How Research and Strategy Beat an 89% Approval Rating

12 months ago 28

I recently listened to an episode of Rob Lowe’s podcast, Literally! With Rob Lowe, which featured an interview with George Stephanopoulos. While the episode lasts over an hour, there is one thing Stephanopoulos mentions 17 minutes and 35 seconds...

I recently listened to an episode of Rob Lowe’s podcast, Literally! With Rob Lowe, which featured an interview with George Stephanopoulos. While the episode lasts over an hour, there is one thing Stephanopoulos mentions 17 minutes and 35 seconds in that struck me.

Actually, it’s three things.

Rob Lowe Literally podcast George Stephanopoulos

First, it’s important to be aware of Stephanopoulos’s previous life prior to his current Good Morning America and This Week anchor duties for ABC. He came from politics, working as a congressman’s aide, and then on the Michael Dukakis presidential campaign. Most notably, he worked alongside David Wilhelm and James Carville on Bill Clinton’s 1992 presidential campaign and later served as an advisor for Clinton in the White House.

In the podcast, Lowe and Stephanopoulos are discussing The War Room, a 1993 documentary that followed the first Clinton campaign. It’s easy now to forget how strong a candidate George H.W. Bush really was. His 60.8% average approval rating is the third highest among the past thirteen U.S. presidents, behind only John F. Kennedy and Dwight Eisenhower. Just after the end of the first Gulf War, in February 1991, Bush’s approval rating was 89%. How could he have lost the election just a year and a half later? A year and a half is an eternity in politics, and Clinton had some ninja strategists that would expose Bush’s flaws. James Carville was absolutely one of those strategists. As Stephanopoulos explains in the podcast, Carville was made to run a presidential campaign at that moment in time.

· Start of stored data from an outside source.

Lemma fpow_plus f a b x : fpow f (a + b) x = fpow f a x * fpow f b x.
Proof. unfold fpow, Rpower. rewrite <- exp_plus. f_equal. ring. Qed.

Section PowerFamily.

Variables (f : R -> R) (mu : R).
Hypothesis f_pos : forall x, 0 < f x.
Hypothesis f_derivable : forall x, ex_derive f x.
Hypothesis Df_derivable : forall x, ex_derive (Derive f) x.
Hypothesis f_le_mode : forall x, f x <= f mu.
Hypothesis fpow_tail :
  forall eps, 0 < eps -> exists C, forall x, fpow f eps x <= C * cauchy_weight x.

Lemma hlog_le_mode x : hlog f x <= hlog f mu.
Proof. apply ln_le; auto. Qed.

Lemma is_derive_hlog x : is_derive (hlog f) x (Derive f x / f x).
Proof.
  unfold hlog. pose proof (f_pos x). pose proof (f_derivable x).
  auto_derive; [auto | rewrite Rmult_1_l; reflexivity].
Qed.

Lemma Derive_hlog : Derive (hlog f) = fun x => Derive f x / f x.
Proof. apply functional_extensionality. intros x. apply is_derive_unique, is_derive_hlog. Qed.

Lemma is_derive_fpow b x : is_derive (fpow f b) x (b * Derive (hlog f) x * fpow f b x).
Proof.
  rewrite Derive_hlog. unfold fpow, Rpower. pose proof (f_pos x). pose proof (f_derivable x).
  auto_derive; [auto | rewrite Rmult_1_l; reflexivity].
Qed.

Lemma continuous_hlog x : continuous (hlog f) x.
Proof. apply (ex_derive_continuous (V := R_NormedModule)). eexists. apply is_derive_hlog. Qed.

Lemma continuous_fpow b x : continuous (fpow f b) x.
Proof. apply (ex_derive_continuous (V := R_NormedModule)). eexists. apply is_derive_fpow. Qed.

Lemma continuous_Derive_hlog x : continuous (Derive (hlog f)) x.
Proof.
  apply (ex_derive_continuous (V := R_NormedModule)). rewrite Derive_hlog.
  pose proof (f_pos x). pose proof (f_derivable x). pose proof (Df_derivable x).
  auto_derive. repeat split; auto; lra.
Qed.

(* [(1 + |h|)^3 f^b = ((1 + |h|)^3 e^(b h / 2)) f^(b / 2)], with the first factor bounded
   because [h <= h mu]. *)
Lemma cube_hlog_fpow_le b : 0 < b ->
  exists D, forall x, (1 + Rabs (hlog f x)) ^ 3 * fpow f b x <= D * cauchy_weight x.
Proof.
  intros Hb.
  destruct (fpow_tail (b / 2)) as [C HC]; [lra|].
  destruct (cube_mul_exp_bounded (b / 2) (hlog f mu)) as [B HB]; [lra|].
  exists (B * C). intros x.
  replace b with (b / 2 + b / 2) at 1 by field.
  rewrite fpow_plus, <- Rmult_assoc, (Rmult_assoc B).
  apply Rmult_le_compat.
  - pose proof (Rabs_pos (hlog f x)).
    apply Rmult_le_pos; [apply pow_le; lra | left; apply fpow_pos].
  - left; apply fpow_pos.
  - apply HB, hlog_le_mode.
  - apply HC.
Qed.

Lemma ex_Int_R_cube_hlog_bound (g : R -> R) b : 0 < b -> (forall x, continuous g x) ->
  (forall x, Rabs (g x) <= (1 + Rabs (hlog f x)) ^ 3 * fpow f b x) -> ex_Int_R g.
Proof.
  intros Hb Hc Hg. destruct (cube_hlog_fpow_le b Hb) as [D HD].
  apply (ex_Int_R_cauchy_bound g D Hc). intros x. eapply Rle_trans; [apply Hg | apply HD].
Qed.

Lemma ex_Int_R_mul_fpow (u : R -> R) b : 0 < b -> (forall x, continuous u x) ->
  (forall x, Rabs (u x) <= (1 + Rabs (hlog f x)) ^ 3) -> ex_Int_R (fun x => u x * fpow f b x).
Proof.
  intros Hb Hc Hu. apply (ex_Int_R_cube_hlog_bound _ b Hb).
  - intros x. pose proof (continuous_fpow b). solve_continuous.
  - intros x. rewrite Rabs_mult, (Rabs_pos_eq (fpow f b x)) by (left; apply fpow_pos).
    apply Rmult_le_compat_r; [left; apply fpow_pos | apply Hu].
Qed.

Lemma ex_Int_R_fpow b : 0 < b -> ex_Int_R (fpow f b).
Proof.
  intros Hb. apply (ex_Int_R_cube_hlog_bound _ b Hb); [apply continuous_fpow|].
  intros x. rewrite Rabs_pos_eq by (left; apply fpow_pos).
  rewrite <- (Rmult_1_l (fpow f b x)) at 1. apply Rmult_le_compat_r; [left; apply fpow_pos|].
  pose proof (Rabs_pos (hlog f x)). apply pow_R1_Rle. lra.
Qed.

Next, Lowe asks a great question. “What was his special sauce for that moment in time, and why isn’t it the special sauce for today?”

Stephanopoulos says Carville had a three-part strategy/haiku that worked so effectively.

“It’s the economy, stupid.” Don’t forget health care Change vs. more of the same

As Stephanopoulos explains, everything every single person associated with the campaign said every single day had to fit into one of the above, if not, all three frames. It was the magic of distilling an entire campaign into three simple things. He admits Clinton was unusually skilled at pulling it off and not every candidate would have been, but it is the law of focus that Carville mastered perfectly.

“Good Morning America” and “This Week” anchor George Stephanopoulos (Photo credit: Mark Reinstein/Shutterstock)

And yet, how many brands try to sell too many things? How many messages do your advertisers attempt to squeeze into a spot? How many points are you trying to push into a promo? Whether or not your brand is good at many things really doesn’t matter.

The point is your audience will only remember one or two.

Research is highly effective when it is utilized to identify strengths, weaknesses, and opportunities and is followed up with a highly focused strategy to take advantage of what has been learned.

If a presidential candidate with an 89% approval rating can lose an election less than two years later, never believe you can’t win the battle with the right research, strategy, and execution.

That also means you should never believe you can’t lose the battle when it’s used against you.